Still House Plants, David Rosenboom, Special Guest

Los Angeles, California
$27.74 (includes all fees)

Still House Plants’ Finlay Clark, David Kennedy, and Jessica Hickie-Kallenbach began to write music together during their second year at the Glasgow School of Art, later joining the eclectic scene surrounding the city’s Green Door Studio and undertaking a six-month residency at London’s Cafe OTO. Factor in a semester spent living with an emo band in Chicago and the intimate aggregation of the trio’s sound heterodoxy—an astonishing cohabitation of fractured R&B, wistful sensitivity, and harmolodic guitar—begins to show its strands. With punk autonomy, Still House Plants cite the cut-up affect of UK garage as the impetus for their sparse treatment of chords and words as samples; stuttered, fragmented, and permuted by living drums, guitar, and Hickie-Kallenach’s unmistakable husky voice. On their last release, Fast Edit (Blank Forms Editions, 2020), things sit on top of each other, fall over one another, or click into place, with hearts on sleeves and spirits in motion. As part of their long-awaited first tour of the United States, Still House Plants will play for two nights at 2220 Arts + Archives in Los Angeles, with Mark Lightcap and Judith Berkson on the 30th, and David Rosenboom and a special guest on the 31st.

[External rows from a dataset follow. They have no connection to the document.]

(* There exists a (computable) constant $\delta_0>0$ such that for every diagonal physical $Q=\operatorname{diag}(\lambda_1,\lambda_2,\lambda_3)$ with $-\tfrac13<\lambda_1\le\lambda_2\le\lambda_3<\tfrac23$, $\lambda_1+\lambda_2+\lambda_3=0$ and $\lambda_2+\tfrac13<\delta_0$, setting $\nu_1=-(2\mu_1+\mu_2)$, $\nu_2=-(\mu_1+2\mu_2)$ and $A(\phi)=\nu_1\cos^2\phi+\nu_2\sin^2\phi$, one has $$\frac1\pi\int_0^{2\pi}\frac{\mathrm d\phi}{A(\phi)}\le\int_{\mathbb S^2}e^{-\nu_1x^2-\nu_2y^2}\,\mathrm dS\le\frac{\pi^2}{4}\int_0^{2\pi}\frac{\mathrm d\phi}{A(\phi)},$$ $$\frac4{\pi^3}\int_0^{2\pi}\frac{\cos^2\phi}{A^2(\phi)}\,\mathrm d\phi\le\int_{\mathbb S^2}x^2e^{-\nu_1x^2-\nu_2y^2}\,\mathrm dS\le\frac{\pi^4}{16}\int_0^{2\pi}\frac{\cos^2\phi}{A^2(\phi)}\,\mathrm d\phi,$$ $$\frac4{\pi^3}\int_0^{2\pi}\frac{\sin^2\phi}{A^2(\phi)}\,\mathrm d\phi\le\int_{\mathbb S^2}y^2e^{-\nu_1x^2-\nu_2y^2}\,\mathrm dS\le\frac{\pi^4}{16}\int_0^{2\pi}\frac{\sin^2\phi}{A^2(\phi)}\,\mathrm d\phi.$$
   Context: Points of the unit sphere $\mathbb S^2$ are written $(x,y,z)$, and $\mathrm dS$ is surface measure. For a physical $Q$ (symmetric traceless with all eigenvalues in $(-\tfrac13,\tfrac23)$) the Ball–Majumdar potential is $f(Q)=\inf\int_{\mathbb S^2}\rho\ln\rho\,\mathrm dS$ over even probability densities $\rho$ with $\int(\mathbf n\otimes\mathbf n-\tfrac13I_3)\rho\,\mathrm dS=Q$. For diagonal physical $Q=\operatorname{diag}(\lambda_1,\lambda_2,\lambda_3)$ this infimum is attained by $\rho_Q(x,y,z)=\exp(\mu_1x^2+\mu_2y^2+\mu_3z^2)/Z$, $Z=\int_{\mathbb S^2}\exp(\mu_1x^2+\mu_2y^2+\mu_3z^2)\,\mathrm dS$, where the Lagrange multipliers $\mu_1,\mu_2,\mu_3\in\mathbb R$ satisfy $\mu_1+\mu_2+\mu_3=0$ and $\int x^2\rho_Q\,\mathrm dS=\lambda_1+\tfrac13$, $\int y^2\rho_Q\,\mathrm dS=\lambda_2+\tfrac13$, $\int z^2\rho_Q\,\mathrm dS=\lambda_3+\tfrac13$. *)

From Stdlib Require Import Reals.
From Coquelicot Require Import Coquelicot.
Open Scope R_scope.

(* Surface integral over the unit sphere S^2 with respect to surface measure,
   via the standard spherical parametrisation
   (x,y,z) = (sin t cos p, sin t sin p, cos t), dS = sin t dp dt,
   t in [0,pi], p in [0,2pi]. *)
Definition sphere_int (f : R -> R -> R -> R) : R :=
  RInt (fun t =>
    RInt (fun p => f (sin t * cos p) (sin t * sin p) (cos t) * sin t) 0 (2 * PI))
  0 PI.

Definition bm_weight (mu1 mu2 mu3 : R) (x y z : R) : R :=
  exp (mu1 * x ^ 2 + mu2 * y ^ 2 + mu3 * z ^ 2).

Definition bm_Z (mu1 mu2 mu3 : R) : R :=
  sphere_int (bm_weight mu1 mu2 mu3).

(* (mu1,mu2,mu3) are the Lagrange multipliers of the Ball--Majumdar
   minimiser rho_Q for Q = diag(l1,l2,l3). *)
Definition bm_multipliers (l1 l2 l3 mu1 mu2 mu3 : R) : Prop :=
  mu1 + mu2 + mu3 = 0 /\
  sphere_int (fun x y z => x ^ 2 * bm_weight mu1 mu2 mu3 x y z) / bm_Z mu1 mu2 mu3
    = l1 + 1/3 /\
  sphere_int (fun x y z => y ^ 2 * bm_weight mu1 mu2 mu3 x y z) / bm_Z mu1 mu2 mu3
    = l2 + 1/3 /\
  sphere_int (fun x y z => z ^ 2 * bm_weight mu1 mu2 mu3 x y z) / bm_Z mu1 mu2 mu3
    = l3 + 1/3.

From Stdlib Require Import Reals Lra Psatz.
From Coquelicot Require Import Coquelicot.
Open Scope R_scope.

An ever-evolving solo performance, The Infinity of Things that Don’t Exist is a continuously emerging sound world that draws upon its previous iterations and sonic histories to challenge the distinction between nature and artifice. Eschewing genre in favor of a boundless and generative mode of creation, David Rosenboom explores the dynamics of resonance and interaction as organizing principles, incorporating materials from past performances as well as field recordings and live play into this cumulative, improvisational process. In his performance, arrangements of analog sound modules are activated by acoustic inputs from various instruments and sound makers, while other instruments are prompted by algorithms. Parallel to this freeform sonic assemblage, a video, A Summary History of Humans in the World, projects the scene of a hand inscribing ink on parchment, the written text contemplating the challenges of human evolution and how humans respond to the nature of illusions.